Write each line again exactly as it is, from the opening line of the records below through the one containing "B) (succ s)) ->", and add nothing.

----- Source material

Inductive sat_app (s : sequent) : list sequent -> Prop :=
| sa_impL : forall x A B G p1 p2,
    Permutation (ante s) ((x, Imp A B) :: G) ->
    ~ In (x, A) (succ s) -> ~ In (x, B) (ante s) ->
    seq_equiv p1 (mkSeq (rels s) G ((x, A) :: succ s)) ->
    seq_equiv p2 (mkSeq (rels s) ((x, B) :: G) (succ s)) ->
    sat_app s [p1; p2]
| sa_impR : forall x A B O p,
    Permutation (succ s) ((x, Imp A B) :: O) ->
    ~ (In (x, A) (ante s) /\ In (x, B) (succ s)) ->
    seq_equiv p (mkSeq (rels s) ((x, A) :: ante s) ((x, B) :: O)) ->
    sat_app s [p]
| sa_boxL : forall x y A p,
    In (Rel kR x y) (rels s) -> In (x, Box A) (ante s) ->
    ~ In (y, A) (ante s) ->
    seq_equiv p (mkSeq (rels s) ((y, A) :: ante s) (succ s)) ->
    sat_app s [p]
| sa_triL : forall x y A p,
    In (Rel kS x y) (rels s) -> In (x, Tri A) (ante s) ->
    ~ In (y, A) (ante s) ->
    seq_equiv p (mkSeq (rels s) ((y, A) :: ante s) (succ s)) ->
    sat_app s [p]
| sa_trans : forall k1 k2 x y z p,
    In (Rel k1 x y) (rels s) -> In (Rel k2 y z) (rels s) ->
    ~ In (Rel k2 x z) (rels s) ->
    seq_equiv p (mkSeq (Rel k2 x z :: rels s) (ante s) (succ s)) ->
    sat_app s [p].

(* Leaf s : an open leaf; Node s ch : s is the conclusion of a rule
   instance whose premisses are the roots of ch (all rules used here
   have at least one premiss, so there are no closed leaves). *)
Inductive deriv : Type :=
| Leaf : sequent -> deriv
| Node : sequent -> list deriv -> deriv.

Definition root (t : deriv) : sequent :=
  match t with Leaf s => s | Node s _ => s end.

Fixpoint open_leaves (t : deriv) : list sequent :=
  match t with
  | Leaf s => [s]
  | Node _ ch =>
      (fix go (l : list deriv) : list sequent :=
         match l with [] => [] | d :: l' => open_leaves d ++ go l' end) ch
  end.

Fixpoint is_deriv (t : deriv) : Prop :=
  match t with
  | Leaf _ => True
  | Node s ch =>
      rule_inst s (map root ch) /\
      (fix go (l : list deriv) : Prop :=
         match l with [] => True | d :: l' => is_deriv d /\ go l' end) ch
  end.

Inductive expand : deriv -> deriv -> Prop :=
| ex_leaf : forall s ps, sat_app s ps -> expand (Leaf s) (Node s (map Leaf ps))
| ex_node : forall s l1 d d' l2, expand d d' ->
    expand (Node s (l1 ++ d :: l2)) (Node s (l1 ++ d' :: l2)).

From Stdlib Require Import List Permutation Relations.
From Stdlib Require Import Arith Lia.
Import ListNotations.

(* Every item a saturation step adds to a leaf (a labelled formula on either
   side, or a relational atom) is built from the finitely many labels and
   subformulas of the root S, and the only item a step may delete is the
   principal implication, which is strictly bigger than a formula it adds.
   Weighting x:A by n + 1 - |A|, where n bounds the sizes of the subformulas
   of S, the total weight of the items of this finite universe that are
   absent from a sequent drops strictly from a leaf to each of its premisses.
   Termination follows because a tree is accessible as soon as its children
   are: replacing one element of a list of accessible elements by a smaller
   one is well founded.  A final tree has no leaf admitting a saturation
   step, i.e. all its leaves are saturated. *)

Section AbsentWeight.

Variable A : Type.
Variable dec : forall x y : A, {x = y} + {x <> y}.
Variable w : A -> nat.

Fixpoint absent_weight (U l : list A) : nat :=
  match U with
  | [] => 0
  | a :: U' => (if in_dec dec a l then 0 else w a) + absent_weight U' l
  end.

Lemma absent_weight_antitone U l l' :
  (forall t, In t U -> In t l -> In t l') ->
  absent_weight U l' <= absent_weight U l.
Proof.
  induction U as [|a U IH]; intros Hll'; simpl; [lia|].
  specialize (IH (fun t Ht => Hll' t (or_intror Ht))).
  destruct (in_dec dec a l) as [Hl|Hl], (in_dec dec a l') as [Hl'|Hl']; try lia.
  exfalso; exact (Hl' (Hll' a (or_introl eq_refl) Hl)).
Qed.

Lemma absent_weight_add U l l' t0 :
  (forall t, In t l -> In t l') -> In t0 U -> ~ In t0 l -> In t0 l' ->
  absent_weight U l' + w t0 <= absent_weight U l.
Proof.
  intros Hll' Ht0U Ht0l Ht0l'.
  induction U as [|a U IH]; simpl in *; [contradiction|].
  destruct (dec a t0) as [<-|Hne].
  - assert (Hmono := absent_weight_antitone U l l' (fun t _ => Hll' t)).
    destruct (in_dec dec a l); [contradiction|].
    destruct (in_dec dec a l'); [lia|contradiction].
  - destruct Ht0U as [Heq|Ht0U]; [congruence|].
    specialize (IH Ht0U).
    destruct (in_dec dec a l) as [Hl|Hl], (in_dec dec a l') as [Hl'|Hl']; try lia.
    exfalso; exact (Hl' (Hll' a Hl)).
Qed.

Lemma absent_weight_remove U l l' u :
  NoDup U -> (forall t, In t l -> In t l' \/ t = u) ->
  absent_weight U l' <= absent_weight U l + w u.
Proof.
  intros HU Hll'.
  induction HU as [|a U HaU HU IH]; simpl; [lia|].
  destruct (dec a u) as [->|Hne].
  - assert (Hmono : absent_weight U l' <= absent_weight U l).
    { apply absent_weight_antitone; intros t HtU Htl.
      destruct (Hll' t Htl) as [| ->]; [assumption|contradiction]. }
    destruct (in_dec dec u l), (in_dec dec u l'); lia.
  - destruct (in_dec dec a l) as [Hl|Hl], (in_dec dec a l') as [Hl'|Hl']; try lia.
    destruct (Hll' a Hl); [contradiction|congruence].
Qed.

Lemma absent_weight_exchange U l l' t0 u :
  NoDup U -> In t0 U -> ~ In t0 l -> In t0 l' -> 0 < w t0 ->
  (forall t, In t l -> In t l' \/ (t = u /\ w u < w t0)) ->
  absent_weight U l' < absent_weight U l.
Proof.
  intros HU Ht0U Ht0l Ht0l' Hw Hll'.
  destruct (le_lt_dec (w t0) (w u)) as [Hle|Hlt].
  - assert (Hadd : absent_weight U l' + w t0 <= absent_weight U l).
    { apply absent_weight_add; auto.
      intros t Ht; destruct (Hll' t Ht) as [|[_ ?]]; [assumption|lia]. }
    lia.
  - assert (Hadd : absent_weight U l' + w t0 <= absent_weight U (remove dec u l)).
    { apply absent_weight_add; auto.
      - intros t Ht; apply in_remove in Ht as [Ht Hne].
        destruct (Hll' t Ht) as [|[]]; [assumption|contradiction].
      - intros Ht; exact (Ht0l (proj1 (in_remove _ _ _ _ Ht))). }
    assert (Hrem : absent_weight U (remove dec u l) <= absent_weight U l + w u).
    { apply absent_weight_remove; auto.
      intros t Ht; destruct (dec t u) as [|Hne]; [now right|left].
      now apply in_in_remove. }
    lia.
Qed.

End AbsentWeight.

Section ReplaceOne.

Variable A : Type.
Variable R : A -> A -> Prop.

Definition replace_one (l' l : list A) : Prop :=
  exists l1 d d' l2, l = l1 ++ d :: l2 /\ l' = l1 ++ d' :: l2 /\ R d' d.

Lemma Acc_replace_one l : Forall (Acc R) l -> Acc replace_one l.
Proof.
  induction 1 as [|d l Hd _ IH].
  - constructor; intros l' (l1 & d & d' & l2 & Hnil & _).
    destruct l1; discriminate.
  - revert l IH; induction Hd as [d _ IHd]; intros l Hl.
    induction Hl as [l Hl IHl].
    constructor; intros l' (l1 & e & e' & l2 & Heq & -> & Hee').
    destruct l1 as [|x l1]; simpl in Heq |- *; injection Heq as <- Heq.
    + subst l2; exact (IHd e' Hee' l (Acc_intro l Hl)).
    + apply IHl; now exists l1, e, e', l2.
Qed.

End ReplaceOne.

Fixpoint deriv_ind_nested (P : deriv -> Prop) (HLeaf : forall s, P (Leaf s))
  (HNode : forall s ch, Forall P ch -> P (Node s ch)) (t : deriv) : P t :=
  match t with
  | Leaf s => HLeaf s
  | Node s ch =>
      HNode s ch
        ((fix go (l : list deriv) : Forall P l :=
            match l with
            | [] => Forall_nil P
            | d :: l' => Forall_cons d (deriv_ind_nested P HLeaf HNode d) (go l')
            end) ch)
  end.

----------

▶ [Exercise output]
Inductive sat_app (s : sequent) : list sequent -> Prop :=
| sa_impL : forall x A B G p1 p2,
    Permutation (ante s) ((x, Imp A B) :: G) ->
    ~ In (x, A) (succ s) -> ~ In (x, B) (ante s) ->
    seq_equiv p1 (mkSeq (rels s) G ((x, A) :: succ s)) ->
    seq_equiv p2 (mkSeq (rels s) ((x, B) :: G) (succ s)) ->
    sat_app s [p1; p2]
| sa_impR : forall x A B O p,
    Permutation (succ s) ((x, Imp A B) :: O) ->
    ~ (In (x, A) (ante s) /\ In (x, B) (succ s)) ->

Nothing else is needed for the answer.